- Collected data -
▽
(* Let $\mathcal{F}=(f_s:I_s\to[n]\mid s\in S)$ be an $S$-claw in $\Delta$. If $\mathcal{F}$ is compatible and either left active or right active, then $\mathcal{F}$ is cyclically compatible. Moreover, the following are equivalent: (1) $\mathcal{F}$ is cyclically compatible; (2) for every $m\in[n]$ the cyclic rotation $\mathcal{F}^{+m}$ is compatible; (3) there is $m\in[n]$ such that $\mathcal{F}^{+m}$ is left active and compatible; (4) there is $m\in[n]$ such that $\mathcal{F}^{+m}$ is right active and compatible.
   Context: $\Delta$: simplex category of $[n]=\{0<\dots<n\}$, weakly monotone maps. An $S$-claw on $[n]$ is a family $f_s:I_s\to[n]$; it is left (right) active if each $f_s$ preserves minima (maxima). Compatible: (BC1) for each $i\in[n]$ at most one $s$ has $f_s^{-1}\{i\}$ not a singleton; (BC2) for each $0<i\le n$ at most one $s$ has $\{i-1,i\}\not\subseteq f_s(I_s)$. Cyclically compatible: compatible and all but at most one $s$ satisfy $\{0,n\}\subseteq f_s(I_s)$. Cyclic rotation: for $m\in[n]$, let $[n]^{+m}$ be the set $\{0,\dots,n\}$ with the order $n-m+1\prec\dots\prec n\prec0\prec\dots\prec n-m$, and $I_s^{+m}$ the set $I_s$ with the order in which the elements of $f_s^{-1}\{n-m+1,\dots,n\}$ (in their original order) precede those of $f_s^{-1}\{0,\dots,n-m\}$ (in their original order); then $f_s^{+m}:I_s^{+m}\to[n]^{+m}$ (same underlying map) is order preserving, and $\mathcal{F}^{+m}=(f_s^{+m})_{s\in S}$, regarded as a claw in $\Delta$ via the unique order isomorphisms with standard ordinals. (This is the rotation induced by the cyclic category $\Lambda$, where $\Delta\cong\Lambda_{/\langle0\rangle}$.) *)

From mathcomp Require Import all_boot all_order all_algebra.
Set Implicit Arguments. Unset Strict Implicit. Unset Printing Implicit Defensive.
△
- What you should do -
For the material above, produce a word-for-word copy.

- Solution to this task -
(* Let $\mathcal{F}=(f_s:I_s\to[n]\mid s\in S)$ be an $S$-claw in $\Delta$. If $\mathcal{F}$ is compatible and either left active or right active, then $\mathcal{F}$ is cyclically compatible. Moreover, the following are equivalent: (1) $\mathcal{F}$ is cyclically compatible; (2) for every $m\in[n]$ the cyclic rotation $\mathcal{F}^{+m}$ is compatible; (3) there is $m\in[n]$ such that $\mathcal{F}^{+m}$ is left active and compatible; (4) there is $m\in[n]$ such that $\mathcal{F}^{+m}$ is right active and compatible.
   Context: $\Delta$: simplex category of $[n]=\{0<\dots<n\}$, weakly monotone maps. An $S$-claw on $[n]$ is a family $f_s:I_s\to[n]$; it is left (right) active if each $f_s$ preserves minima (maxima). Compatible: (BC1) for each $i\in[n]$ at most one $s$ has $f_s^{-1}\{i\}$ not a singleton; (BC2) for each $0<i\le n$ at most one $s$ has $\{i-1,i\}\not\subseteq f_s(I_s)$. Cyclically compatible: compatible and all but at most one $s$ satisfy $\{0,n\}\subseteq f_s(I_s)$. Cyclic rotation: for $m\in[n]$, let $[n]^{+m}$ be the set $\{0,\dots,n\}$ with the order $n-m+1\prec\dots\prec n\prec0\prec\dots\prec n-m$, and $I_s^{+m}$ the set $I_s$ with the order in which the elements of $f_s^{-1}\{n-m+1,\dots,n\}$ (in their original order) precede those of $f_s^{-1}\{0,\dots,n-m\}$ (in their original order); then $f_s^{+m}:I_s^{+m}\to[n]^{+m}$ (same underlying map) is order preserving, and $\mathcal{F}^{+m}=(f_s^{+m})_{s\in S}$, regarded as a claw in $\Delta$ via the unique order isomorphisms with standard ordinals. (This is the rotation induced by the cyclic category $\Lambda$, where $\Delta\cong\Lambda_{/\langle0\rangle}$.) *)

From mathcomp Require Import all_boot all_order all_algebra.
Set Implicit Arguments. Unset Strict Implicit. Unset Printing Implicit Defensive.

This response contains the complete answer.